Monday 15 August 2016

CSR Dark Sun Play Report # 2 - Prep Work


Overview:

  • Planning of the second session
  • Rules: Cypher System
  • Setting: Dark Sun - Burnt World of Athas
  • Number of players: 3
  • GM: Clay




Now that I've told you what happened during the Dangerous Mystery Items session (including the plot twist), I'd like to describe Clay's prep work.






Objectives:

  • To introduce the overarching campaign goal - with hooks: Cryo-Phoeix egg or Veiled Alliance.
Plot Points:
  • Party deposits (previous payment), shops, exchanges, etc.
  • Encounter Tarez and his goons in marketplace. Party confronted about stealing the wooden box. Potential fight. Tarez hints at value and significance of box and its contents.
  • Goron cooks meal with blood spice (Ngaire declared this as her session goal a few days before we sat down to play).
  • Cryo-Phoenix egg found in wooden box.
  • Tarez or Veiled Alliance are sources of additional information on the egg (remember the Veiled Alliance wooden coin that Gator got in the first session?).
NPCs:
  • Rufus - Ironworks (lock box dealer) - Lv 1
  • Iggy - merchant (elf) - Lv 2
  • Tarez - merchant (spices) - Lv 3
  • Goons - Lv 2
  • Groog - half-giant - Lv 4
  • Cryo-Phoenix - egg - Lv 5
Resources / Bookmarks:
  • Description of Balic (including the Dictator Andropinis and the Templars)
  • Map - City of Balic
  • Description of the Grey
  • Cypher Deck
Available Items:
  • Random cyphers - Iggy's shop - available to buy or through trade
  • Reasonable common items, armour, weapons, and supplies - available at marketplace.
Cryo-Phoenix Egg:
  • An egg that could hatch a baby ice phoenix (inhabitant of the Grey).
  • Potentially a powerful weapon or artifact.
  • Not intended to hatch this session. Intended to further interactions with Tarez and the Veiled Alliance.

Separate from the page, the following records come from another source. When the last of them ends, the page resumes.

Lemma unpush_size p : size p = n -> size (unpush e T p) = n.
Proof.
by rewrite /unpush; case: ifP => // _ Sp; rewrite size_set_nth Sp; apply/maxn_idPr.
Qed.

Lemma unpush_nth p i : i != e -> nth 0 (unpush e T p) i = nth 0 p i.
Proof. by rewrite /unpush; case: ifP => // _ H; rewrite nth_set_nth /= (negbTE H). Qed.

Lemma unpush_matchP p : size p = n ->
  reflect (agree e.+1 p T) (take e.+1 p == take e.+1 T).
Proof. by move=> Sp; apply: (iffP eqP) => /take_agree; apply; lia. Qed.

(* The central monotonicity property: [unpush] preserves [below d].  When
   d = e and only q lies in the pushed copy, p is strictly smaller at e, so
   the decrement of q keeps the inequality. *)
Lemma unpush_below d p q : size p = n -> size q = n ->
  below d p q -> below d (unpush e T p) (unpush e T q).
Proof.
move=> Sp Sq [Ha Hle]; case: (ltngtP d e) => Hde.
- split; last by rewrite !unpush_nth // neq_ltn Hde.
  by move=> i Hi; rewrite !unpush_nth ?Ha // neq_ltn (ltn_trans Hi Hde).
- have Hpq : agree e.+1 p q by apply: agree_le Ha.
  have Hmatch : (take e.+1 p == take e.+1 T) = (take e.+1 q == take e.+1 T).
    apply/(sameP (unpush_matchP Sp))/(iffP (unpush_matchP Sq)) => H.
      exact: agree_trans Hpq H.
    exact: agree_trans (agree_sym Hpq) H.
  rewrite /unpush Hmatch (Hpq e) //; case: ifP => _; split => //.
  + by move=> i Hi; rewrite !nth_set_nth /=; case: eqP => // _; apply: Ha.
  + by rewrite !nth_set_nth /= gtn_eqF.
- subst d; split; first by move=> i Hi; rewrite !unpush_nth ?Ha // neq_ltn Hi.
  rewrite /unpush; case: (unpush_matchP Sp) => Mp; case: (unpush_matchP Sq) => Mq;
    rewrite ?nth_set_nth /= ?eqxx; try lia.
  suff : nth 0 p e != nth 0 q e by lia.
  apply: contra_not_neq Mp => E i; rewrite ltnS leq_eqVlt => /predU1P [->|Hi].
    by rewrite E (Mq e).
  by rewrite Ha // Mq // ltnW.
Qed.
End Unpush.

Section Addresses.
Variable G : Type.

(* [pos_in s p]: p = [:: x_m; ...; x_1] is the address of a 0-stack of the
   m-stack s (coordinates are 1-based indices from the bottom). *)
Fixpoint pos_in (m : nat) : stk G m -> seq nat -> Prop :=
  match m return stk G m -> seq nat -> Prop with
  | 0 => fun _ p => p = [::]
  | m'.+1 => fun l p => if p is x :: p'
      then 0 < x /\ exists2 t, onth l x.-1 = Some t & @pos_in m' t p'
      else False
  end.

Lemma pos_in_rcons m (s : seq (stk G m)) t x p :
  pos_in (rcons s t : stk G m.+1) (x :: p) <->
  pos_in (s : stk G m.+1) (x :: p) \/ (x = (size s).+1 /\ pos_in t p).
Proof.
rewrite /= onth_rcons; case: (posnP x) => [->|x0]; first by split=> [[]|[[]|[]]].
case: (ltnP x.-1 (size s)) => Hx.
  split=> [|[//|[Ex _]]]; first by left.
  by move: Hx; rewrite Ex ltnn.
split=> [[_ [u]]|[[_ [u]]|[-> Hp]]].
- by case: eqP => // Ex [<-] Hp; right; rewrite -Ex prednK.
- by rewrite onth_default.
- by split=> //; exists t; rewrite ?eqxx.
Qed.

Lemma pos_in_head m (s : stk G m.+1) x p : pos_in s (x :: p) -> 0 < x <= size s.
Proof. by move=> /= [x0 [t Ht _]]; have := onthTE s x.-1; rewrite Ht /=; lia. Qed.

Lemma pos_in_rcons_l m (s : seq (stk G m)) t p :
  pos_in (s : stk G m.+1) p -> pos_in (rcons s t : stk G m.+1) p.
Proof. by case: p => [//|x p] Hp; apply/pos_in_rcons; left. Qed.

Lemma pos_in_rcons_mono m (s : seq (stk G m)) t t' q :
  (forall p, pos_in t' p -> pos_in t p) ->
  pos_in (rcons s t' : stk G m.+1) q -> pos_in (rcons s t : stk G m.+1) q.
Proof.
case: q => [//|x q] Htt' /pos_in_rcons [H|[Ex H]]; apply/pos_in_rcons; first by left.
by right; split=> //; apply: Htt'.
Qed.

Lemma size_toppos m (s : stk G m) : size (toppos s) = m.
Proof.
elim: m s => [|m IH] s //=.
by case: (lastopt s) => [t|]; rewrite ?IH ?size_nseq.
Qed.

Lemma toppos_rcons m (s : seq (stk G m)) t :
  toppos (rcons s t : stk G m.+1) = (size s).+1 :: toppos t.
Proof. by rewrite /= lastopt_rcons size_rcons. Qed.

Lemma pos_top m (s : stk G m) : ne s -> pos_in s (toppos s).
Proof.
elim: m s => [|m IH] //; case/lastP => [|s t] //.
rewrite toppos_rcons /= all_rcons => /andP[_ /andP[Ht _]].
by apply/pos_in_rcons; right; split=> //; apply: IH.
Qed.

Lemma top_dominates m (s : stk G m) p d :
  pos_in s p -> agree d p (toppos s) -> below d p (toppos s).
Proof.
move=> Hp Ha; split=> //.
elim: m s p d Hp Ha => [|m IH] s p d; first by move=> /= -> _; rewrite nth_nil.
case: p => [//|x p]; case/lastP: s => [|s t]; first by move=> /pos_in_head /=; lia.
rewrite toppos_rcons => Hp Ha; have := pos_in_head Hp; rewrite size_rcons.
case: d Ha => [|d] Ha /andP[_ Hx] //=.
have Ex : x = (size s).+1 by apply: (Ha 0).
case/pos_in_rcons: Hp => [/pos_in_head|[_ Hp]]; first by rewrite Ex ltnn andbF.
by apply: IH => // i Hi; apply: (Ha i.+1).
Qed.

Lemma settop_pos g m (t : stk G m) p : pos_in (settop g t) p <-> pos_in t p.
Proof.
elim: m t p => [|m IH] //; case/lastP => [|s t] p //.
rewrite /= lastopt_rcons dropl_rcons.
by split; apply: pos_in_rcons_mono => q /IH.
Qed.

Lemma pop_pos r m (s s' : stk G m) p :
  app_op (Pop G r) s = Some s' -> pos_in s' p -> pos_in s p.
Proof.
elim: m s s' p => [|m IH] //; case/lastP => [|s t] s' p Happ.
all: rewrite /= in Happ; move: Happ.
  by repeat case: ifP.
rewrite lastopt_rcons dropl_rcons size_rcons; case: ifP => _.
  by case: s => [|u s] // [<-]; apply: pos_in_rcons_l.
case: ifP => // _; case E: app_op => [t'|] // [<-].
by apply: pos_in_rcons_mono => q; apply: IH E.
Qed.

Lemma push_pos r g m (s s' : stk G m) p :
  app_op (Push r g) s = Some s' -> pos_in s' p ->
  pos_in s (unpush (m - r) (toppos s') p).
Proof.
elim: m s s' p => [|m IH] //; case/lastP => [|s t] s' p Happ.
all: rewrite /= in Happ; move: Happ.
  by repeat case: ifP.
rewrite lastopt_rcons dropl_rcons; case: ifP => [/eqP Er|_].
  have -> : m.+1 - r = 0 by rewrite -Er subnn.
  move=> [<-]; case: p => [//|x p].
  rewrite (toppos_rcons (rcons s t)) size_rcons unpush0.
  case/pos_in_rcons => [Hp|[-> Hp]].
    have /andP[_ Hx] := pos_in_head Hp; rewrite size_rcons in Hx.
    by rewrite ifN // ltn_eqF.
  by rewrite size_rcons eqxx; apply/pos_in_rcons; right; split=> //; apply/(settop_pos g).
case: ifP => // Hr; case E: app_op => [t'|] // [<-].
case: p => [//|x p]; rewrite toppos_rcons subSn // unpush_cons.
case/pos_in_rcons => [Hp|[-> Hp]].
  rewrite ifN; first exact: pos_in_rcons_l.
  by have /andP[_ Hx] := pos_in_head Hp; rewrite ltn_eqF.
by rewrite eqxx; apply/pos_in_rcons; right; split=> //; apply: IH E Hp.
Qed.
End Addresses.

Section History.
Variables (n : nat) (A Q G : finType) (M : dpda n A Q G).

Lemma hist_step_cases (c c' : config n Q G) :
  (forall p, hist_step M c c' p = p) \/
  exists2 e, e < n & forall p, hist_step M c c' p = unpush e (toppos c'.2) p.
Proof.
rewrite /hist_step; case: (topsym c.2) => [g|]; last by left.
case E: (delta M c.1 g) => [f|q [r|r g']]; try by left.
right; exists (n - r); last by move=> p; rewrite addn1.
by have /= := delta_op_order E; lia.
Qed.

Lemma hist_step_pos (c c' : config n Q G) lab p :
  lstep M c lab c' -> pos_in c'.2 p -> pos_in c.2 (hist_step M c c' p).
Proof.
rewrite /lstep /hist_step; case: (topsym c.2) => [g|] //.
case: (delta M c.1 g) => [f [a [_ ->]] //|q [r|r g'] [_ [_ Happ]]].
  exact: pop_pos Happ.
by rewrite addn1; apply: push_pos Happ.
Qed.

Lemma hist_step_size (c c' : config n Q G) p :
  size p = n -> size (hist_step M c c' p) = n.
Proof. by case: (hist_step_cases c c') => [->//|[e He ->]]; apply: unpush_size. Qed.

Lemma hist_step_below (c c' : config n Q G) d p q : size p = n -> size q = n ->
  below d p q -> below d (hist_step M c c' p) (hist_step M c c' q).
Proof.
case: (hist_step_cases c c') => [H|[e He H]]; rewrite !H //.
by apply: unpush_below; rewrite ?size_toppos.
Qed.

Variable R : nat -> config n Q G.

Lemma hist_size i len p : size p = n -> size (hist M R i len p) = n.
Proof. by elim: len i => [|len IH] i //= Sp; apply/hist_step_size/IH. Qed.

Lemma hist_below i len d p q : size p = n -> size q = n ->
  below d p q -> below d (hist M R i len p) (hist M R i len q).
Proof.
elim: len i => [|len IH] i //= Sp Sq Hpq.
by apply: hist_step_below; rewrite ?hist_size //; apply: IH.
Qed.

Lemma hist_pos (Hstep : forall k, exists lab, lstep M (R k) lab (R k.+1)) i len p :
  pos_in (R (i + len)).2 p -> pos_in (R i).2 (hist M R i len p).
Proof.
elim: len i => [|len IH] i /=; first by rewrite addn0.
move=> Hp; have [lab Hl] := Hstep i; apply: hist_step_pos Hl _.
by apply: IH; rewrite addSnnS.
Qed.

Lemma hist_cat i a b p : hist M R i (a + b) p = hist M R i a (hist M R (i + a) b p).
Proof. by elim: a i => [|a IH] i /=; rewrite ?addn0 // IH addSnnS. Qed.

Lemma hist_congr R' i i' len p :
  (forall k, k <= len -> R (i + k) = R' (i' + k)) ->
  hist M R i len p = hist M R' i' len p.
Proof.
elim: len i i' => [|len IH] i i' //= H.
rewrite (IH i.+1 i'.+1) => [|k Hk]; last by rewrite !addSnnS; apply: H.
have := H 0 isT; have := H 1 isT; rewrite !addn0 !addn1 => -> -> //.
Qed.
Lemma upper0_congr R' i j i' :
  i <= j -> (forall k, k <= j - i -> R (i + k) = R' (i' + k)) ->
  upper0 M R i j <-> upper0 M R' i' (i' + (j - i)).
Proof.
move=> Hij H; rewrite /upper0 addKn -(hist_congr _ H).
have E0 : R i = R' i' by have := H 0 (leq0n _); rewrite !addn0.
have Ej : R j = R' (i' + (j - i)) by rewrite -H // subnKC.
by rewrite Ej E0.
Qed.
End History.

Fixpoint lcp (p q : seq nat) : nat :=
  match p, q with
  | x :: p', y :: q' => if x == y then (lcp p' q').+1 else 0
  | _, _ => 0
  end.

Lemma lcp_le p q : lcp p q <= size p.
Proof. by elim: p q => [|x p IH] [|y q] //=; case: ifP => //= _; apply: IH. Qed.

Lemma lcp_refl p : lcp p p = size p.
Proof. by elim: p => [|x p IH] //=; rewrite eqxx IH. Qed.

Lemma lcp_agree p q : agree (lcp p q) p q.
Proof.
elim: p q => [|x p IH] [|y q] //= i; case: ifP => //= /eqP ->.
by case: i => //= i Hi; apply: IH.
Qed.

Lemma lcp_neq p q : size p = size q -> p <> q -> nth 0 p (lcp p q) != nth 0 q (lcp p q).
Proof.
elim: p q => [|x p IH] [|y q] //= [Hs] Hne.
case: ifP => [/eqP Exy|/negbT //]; subst y.
by apply: IH => // E; apply: Hne; rewrite E.
Qed.

Section Depth.
Variables (n : nat) (A Q G : finType) (M : dpda n A Q G) (R : nat -> config n Q G).
Hypothesis Hstep : forall k, exists lab, lstep M (R k) lab (R k.+1).
Hypothesis Hcfg : forall k, is_config (R k).

Definition traced (s t : nat) : seq nat := hist M R s (t - s) (toppos (R t).2).

(* How far R[s,t] is from being 0-upper: the common prefix of [traced s t]
   with the top address at time s; it equals n exactly on 0-upper segments. *)
Definition depth (s t : nat) : nat := lcp (traced s t) (toppos (R s).2).

Lemma traced_pos s t : s <= t -> pos_in (R s).2 (traced s t).
Proof.
by move=> Hst; apply: hist_pos Hstep _ _ _ _; rewrite subnKC //; apply/pos_top/Hcfg.
Qed.

Lemma traced_size s t : size (traced s t) = n.
Proof. by apply: hist_size; apply: size_toppos. Qed.

Lemma traced_cat s t u : s <= t -> t <= u ->
  hist M R s (u - s) (toppos (R u).2) = hist M R s (t - s) (traced t u).
Proof. by move=> Hst Htu; rewrite -{1}(subnKC Htu) -addnBAC // hist_cat subnKC. Qed.

Lemma depth_le s t : depth s t <= n.
Proof. by rewrite -(traced_size s t); apply: lcp_le. Qed.

Lemma depth_upper s t : upper0 M R s t -> depth s t = n.
Proof. by rewrite /depth /upper0 /traced => ->; rewrite lcp_refl size_toppos. Qed.

(* Let d = depth s t < n.  The traced address y of R[s,t] agrees
   with the top at time s before d and is strictly smaller at d; the traced
   address z of R[t,u] is [below d] the top at time t, so its history at
   time s is [below d] y, hence also differs from the top at time s. *)
Lemma not_upper_propagates s t u : s <= t -> t <= u ->
  ~ upper0 M R s t -> depth s t <= depth t u -> ~ upper0 M R s u.
Proof.
move=> Hst Htu Hne Hdep; rewrite /upper0 (traced_cat Hst Htu).
set d := depth s t.
have [_ Ly] : below d (traced s t) (toppos (R s).2).
  by apply: top_dominates; [apply: traced_pos | apply: lcp_agree].
have Ny : nth 0 (traced s t) d != nth 0 (toppos (R s).2) d.
  by apply: lcp_neq; rewrite ?traced_size ?size_toppos.
have Bz : below d (traced t u) (toppos (R t).2).
  apply: top_dominates; first exact: traced_pos.
  by apply: (agree_le Hdep); apply: lcp_agree.
have [_ Lz] := hist_below M R s (t - s) (traced_size t u) (size_toppos _) Bz.
by move=> E; move: Lz; rewrite E -/(traced s t); lia.
Qed.

Definition upper_family (I : nat -> Prop) : Prop :=
  (forall m, exists i, m <= i /\ I i) /\
  (forall i j, I i -> I j -> i <= j -> upper0 M R i j).

(* Descent on the depth, exchanging the roles of the two families. *)
Lemma alternation_upper_depth c X Y s t :
  upper_family X -> upper_family Y -> X s -> Y t -> s <= t ->
  depth s t < c -> upper0 M R s t.
Proof.
elim: c X Y s t => [//|c IH] X Y s t [Xcof Xup] FY Xs Yt Hst Hc.
have [//|/eqP Hne] := eqVneq (traced s t) (toppos (R s).2).
have [u [Htu Xu]] := Xcof t.
have Hsu : upper0 M R s u by apply: Xup => //; apply: leq_trans Htu.
have Hlt : depth t u < depth s t.
  by rewrite ltnNge; apply/negP => /(not_upper_propagates Hst Htu Hne).
have Htu' : upper0 M R t u by apply: (IH Y X) => //; lia.
by have := depth_le s t; rewrite (depth_upper Htu') in Hlt; lia.
Qed.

So, obviously, the session didn't play out as expected. It is a perfect example of the "creative and unpredictable players" that seriously derail all the GM's planning.

Most of Clay's ideas for future sessions were effectively destroyed, and the session quickly dissolved into improvised story-telling.

Some notes on the in-game fly-by-the-seat-of-your-pants decisions:







Tarez:

  • So, the party sort of disengaged from the encounter without gathering much information. Clay decided to just wait to see what they'd do next.
Cryo-Phoenix:
  • It wasn't suppose to hatch. But the party showed little interest in engaging Tarez or other parties for information (they were more interested in robbing the merchant). Then the mage started throwing spells at the egg - so why not hatch the thing? A baby ice phoenix could be hilarious, right?
Doomsday Device (cypher)
  • Random cyphers can be disruptive.
  • Clay quickly decided that total party death (and the destruction of a city-state) was not desirable.
  • The baby Cryo-Phoenix was used to absorb most of the destructive power of the Doomsday Device. But as a result, the phoenix grew big and strong, into an adult, in a matter of minutes.
  • The party was not ready to face an adult Cryo-Phoenix (much stronger than Lv 5), so Clay decided to have it fly away before the party had a chance to react.
  • The lesson: think carefully before using cyphers that you don't understand. As the commercial say, "If you don't know just what it is, don't put it in your mouth."




The session lasted about three hours. Even if we hadn't run out of time, Clay needed time to reconsider where the plot could go next.

By the way, Clay is reading over my shoulder, making sure that he agrees with my memories and explanations.